Ульянов недолго пробыл в Петрополе. После первой же кружки к нему вернулся аппетит, и он не без удовольствия съел порцию сосисок. Он выпил еще две кружки. Похмелье ушло, но навалилась усталость, — естественная после двух дней пьянки.

Приехав домой, он сразу лег в постель и проспал почти сутки.

И приснился ему удивительный сон…

* * *

… Стоит Ульянов посреди Дворцовой площади — спиной к Александровской колонне, а лицом к некой трибуне. На трибуне судьи, а кругом толпа. Толпа мрачная и враждебная, и все смотрят на него. Его, стало быть, и судят. И судей много — полная трибуна. И главный из них говорит:

— Владимир Ульянов! Вы обвиняетесь в том, что преследовали святую нашу православную церковь, на которой стояла и всегда стоять будет Русь наша, матушка! Вы обвиняетесь в том, что утопили Россию в крови страшной междуусобной бойни! Вы также обвиняетесь в том, что навязали социализм и коммунизм народу русскому!.. Обвиняемый! Что вы имеете сказать по существу обвинений?
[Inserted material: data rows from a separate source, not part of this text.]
(* Third step: by [box_sign_hook], an odd arm would bring cweight ν below s,
   so when cweight ν = s all arms have even length. *)
Lemma hook_arms_even : cweight nu = Posz s ->
  (forall i, i < i0 -> 2 %| nth 0 nu i - (2 * s - i)) /\
  (forall j, j < 2 * s - i0 -> 2 %| col nu j - (2 * s - j)).
Proof.
move=> hcw; have [hsort _] := andP nu_part.
set M := 2 * s + size nu + psize nu.
have hsize : size nu <= M by rewrite /M; lia.
have hparts i : nth 0 nu i <= M by have := nth_le_sumn nu i; rewrite /M /psize; lia.
have Hr i : i < i0 -> 2 * s - i <= nth 0 nu i <= M.
  by move=> hi; rewrite hparts andbT; apply: nu_stair; lia.
have Hq j : j < 2 * s - i0 -> 2 * s - j <= col nu j <= M.
  move=> hj; have := col_le nu j; have := col_contains_staircase hsort nu_stair (j := j).
  by rewrite /M; lia.
have := box_sign_partition hsize hparts.
rewrite (eq_box_sign M hook_decomposition) box_sign_hook ?hcw; [|lia|lia|done|done].
set A := (\sum_(i < i0) _)%R; set B := (\sum_(j < _) _)%R => hAB.
have hA : (0 <= A)%R by apply: sumr_ge0 => i _; exact: parity_ge0.
have hB : (0 <= B)%R by apply: sumr_ge0 => i _; exact: parity_ge0.
by split; apply: sum_parity_eq0; rewrite -/A -/B; lia.
Qed.

End HookDecomposition.

Lemma partition_of_decreasing (g : nat -> nat) n :
  (forall i, i.+1 < n -> g i.+1 <= g i) ->
  exists lam, [/\ is_partition lam, size lam <= n
                & forall i, nth 0 lam i = if i < n then g i else 0].
Proof.
move=> Hg; pose g' i := if i < n then g i else 0.
have g'_mono : {homo g' : i j / i <= j >-> j <= i}.
  apply: (@homo_leq _ g' (fun a b => b <= a)) => [x|y x z h1 h2|i].
  - exact: leqnn.
  - exact: leq_trans h2 h1.
  rewrite /g'; case: (ltnP i.+1 n) => h1 //.
  by rewrite (ltnW h1); exact: Hg.
set rows := [seq g' i | i <- iota 0 n].
have Hs : sorted geq rows.
  by apply: (homo_sorted (e := leq)); [move=> x y; exact: g'_mono | exact: iota_sorted].
have Hnth i : nth 0 [seq x <- rows | 0 < x] i = g' i.
  rewrite nth_filter_pos //; case: (ltnP i n) => hi.
    by rewrite (nth_map 0) ?size_iota // nth_iota.
  by rewrite nth_default ?size_map ?size_iota // /g' ltnNge hi.
exists [seq x <- rows | 0 < x]; split => //.
- by rewrite /is_partition sorted_filter ?filter_all //; exact: geq_trans.
- by rewrite size_filter (leq_trans (count_size _ _)) // size_map size_iota.
Qed.

Lemma halve_arms s n (r : nat -> nat) :
  (forall i, i < n -> 2 * s - i <= r i) ->
  (forall i, i < n -> 2 %| r i - (2 * s - i)) ->
  (forall i, i.+1 < n -> r i.+1 <= r i) ->
  exists lam, [/\ is_partition lam, size lam <= n
                & forall i, i < n -> r i = 2 * s - i + 2 * nth 0 lam i].
Proof.
move=> Hge Hev Hdec.
have [lam [Hp Hsz Hnth]] := @partition_of_decreasing (fun i => (r i - (2 * s - i)) %/ 2) n
  (fun i hi => ltac:(have := Hge i (ltnW hi); have := Hge i.+1 hi;
                     have := Hev i (ltnW hi); have := Hev i.+1 hi;
                     have := Hdec i hi; lia)).
exists lam; split => // i hi; rewrite Hnth hi.
by have := Hge i hi; have := Hev i hi; lia.
Qed.

Lemma hook_shape_lambda s i0 j0 (r q : nat -> nat) lam mu :
  size lam <= i0 -> size mu <= j0 ->
  (forall i, i < i0 -> r i = 2 * s - i + 2 * nth 0 lam i) ->
  (forall j, j < j0 -> q j = 2 * s - j + 2 * nth 0 mu j) ->
  hook_shape s i0 j0 r q =2 lambda_shape s lam mu.
Proof.
move=> Hl Hm Hr Hq i j; rewrite /lambda_shape /hook_shape; congr [|| _, _ | _].
- case: (ltnP i i0) => hi /=; last by apply/esym/negbTE/negP => H; split_andb; lia.
  rewrite Hr //; case: (ltnP i (size lam)) => hl //=.
  by rewrite nth_default //; apply/negbTE/negP => H; split_andb; lia.
- case: (ltnP j j0) => hj /=; last by apply/esym/negbTE/negP => H; split_andb; lia.
  rewrite Hq //; case: (ltnP j (size mu)) => hm //=.
  by rewrite nth_default //; apply/negbTE/negP => H; split_andb; lia.
Qed.

Lemma lambda_shape_surj s k nu : k < 2 * s -> is_partition nu -> cweight nu = Posz s ->
  psize nu <= s * (2 * s + 1) + 2 * k ->
  exists lam mu : seq nat,
    [/\ is_partition lam, is_partition mu, psize lam + psize mu <= k
      & forall p, diagram nu p = Lset s lam mu p].
Proof.
move=> hk hp hcw hsz; have [hsort _] := andP hp.
have hcw_ge : (Posz s <= cweight nu)%R by rewrite hcw.
have Hc : contains_staircase s nu by exact: staircase_contained.
have [i0 hi0 hgap] := staircase_gap hcw_ge hsz hk.
have [even_rows even_cols] := hook_arms_even hp Hc hi0 hgap hcw.
have row_ge i : i < i0 -> 2 * s - i <= nth 0 nu i by move=> hi; apply: Hc; lia.
have col_ge j : j < 2 * s - i0 -> 2 * s - j <= col nu j.
  by move=> hj; apply: col_contains_staircase => //; lia.
have [lam [hlp hls hlr]] :=
  halve_arms row_ge even_rows (fun i _ => partition_nth_mono hsort (leqnSn i)).
have [mu [hmp hms hmq]] := halve_arms col_ge even_cols (fun j _ => col_mono nu (leqnSn j)).
have Hshape i j : (j < nth 0 nu i) = lambda_shape s lam mu i j.
  by rewrite (hook_decomposition hp Hc hi0 hgap) (hook_shape_lambda hls hms hlr hmq).
have hsizes : size lam + size mu <= 2 * s by lia.
exists lam, mu; split => //; last by apply: diagram_eq_Lset => //; lia.
pose M := 2 * s + 2 * (psize lam + psize mu) + 1 + psize nu.
have hrows : size nu <= M by have := size_le_psize (proj2 (andP hp)); rewrite /M; lia.
have hparts i : nth 0 nu i <= M by have := nth_le_sumn nu i; rewrite /M /psize; lia.
have := box_count_partition hrows hparts.
by rewrite (eq_box_count M Hshape) box_count_lambda //; [lia | rewrite /M; lia].
Qed.

(* A partition has at most |λ| parts, so |λ| + |μ| <= k < 2s bounds the
   total number of arms. *)
Lemma sizes_lt_of_psize s k lam mu : is_partition lam -> is_partition mu ->
  psize lam + psize mu <= k -> k < 2 * s -> size lam + size mu < 2 * s.
Proof.
move=> /andP [_ /size_le_psize hl] /andP [_ /size_le_psize hm] hk hks; lia.
Qed.

Local Open Scope ring_scope.

Theorem lemma4p1 (s k : nat) (hs : (1 <= s)%N) (hsk : (k < 2 * s)%N) :
  (* (a) *)
  (forall lam mu : seq nat, is_partition lam -> is_partition mu ->
     (psize lam + psize mu <= k)%N ->
     exists nu : seq nat,
       [/\ is_partition nu,
           (forall p, diagram nu p = Lset s lam mu p),
           psize nu = (s * (2 * s + 1) + 2 * psize lam + 2 * psize mu)%N
         & cweight nu = s%:Z]) /\
  (* (b) injectivity *)
  (forall lam mu lam' mu' : seq nat,
     is_partition lam -> is_partition mu -> (psize lam + psize mu <= k)%N ->
     is_partition lam' -> is_partition mu' -> (psize lam' + psize mu' <= k)%N ->
     (forall p, Lset s lam mu p = Lset s lam' mu' p) ->
     lam = lam' /\ mu = mu') /\
  (* (b) surjectivity onto {nu : cweight nu = s, |nu| <= s(2s+1)+2k} *)
  (forall nu : seq nat, is_partition nu -> cweight nu = s%:Z ->
     (psize nu <= s * (2 * s + 1) + 2 * k)%N ->
     exists lam mu : seq nat,
       [/\ is_partition lam, is_partition mu, (psize lam + psize mu <= k)%N
         & forall p, diagram nu p = Lset s lam mu p]).
Proof.
split; [|split].
- move=> lam mu hl hm hk; apply: lambda_shape_partition => //.
  by have := sizes_lt_of_psize hl hm hk hsk; lia.
- move=> lam mu lam' mu' hl hm hk hl' hm' hk'.
  by apply: lambda_shape_inj => //; apply: sizes_lt_of_psize hsk.
- by move=> nu hp hcw hsz; apply: lambda_shape_surj hsk hp hcw hsz.
Qed.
Судьи ждут от него ответа, а люди вокруг смотрят на него с ненавистью. Их вовсе даже не интересует, что он будет говорить. Им и так все ясно. Им уже все заранее объяснили. Им нужен виновный, и он у них есть. Сегодня это Владимир Ульянов. Отвечать, вроде бы, бессмысленно — спасения все равно нет, и все же отвечать необходимо, и вот он слышит свой резкий картавый голос:

— Самые чудовищные преступления были совершены во имя церкви! Все массовые убийства свершались с именем бога на устах! Религия — это обман, выгодный тем, кто обманывает, и удобоваримый для тех невежд, которых обманывают! Не я вверг Россию в кровавую междуусобицу. Схватка между богатыми и бедными, между власть имущими и обездоленными была исторически предопределена. Рожденный богатым и всесильным, я принял участие в этой схватке на стороне нищих и беззащитных, поступив тем самым куда более по-христиански, чем сейчас поступаете вы! Что же касается социализма, то я право не знаю, чем он плох! Может быть вы мне объясните?

— Вы ругаете православную церковь, потому что вы еврей! — сказал один из судей.

— Я критикую любую религию, а не только православную! А с чего вы взяли, что я еврей?

— Еврей! Еврей!.. Жид! — закричали в толпе.

— Нам точно известно, что вы еврей! — сказал крупный лысый судья со строгим лицом. — Ваш дед по матери был крещеный еврей.

— В этом нет ничего постыдного, — ответил Ульянов. — Я и сам не уверен, что это правда, но ничего компрометирующего меня в этом нет.

— Сегодня мы располагаем достаточными доказательствами на сей счет! — сказал лысый судья.

— А располагаете ли вы достаточными доказательствами того, что ваш дед по матери не был крещеным евреем? — саркастически спросил Ульянов.

Толпа возмущенно зароптала. Ульянов вдруг увидел Аркадия Симоновича. Старик стоял в толпе и сочувственно смотрел на Ульянова своими добрыми печальными глазами. «Я ведь всегда советовал вам, Володенька, держаться подальше от политики», — словно говорил его взгляд.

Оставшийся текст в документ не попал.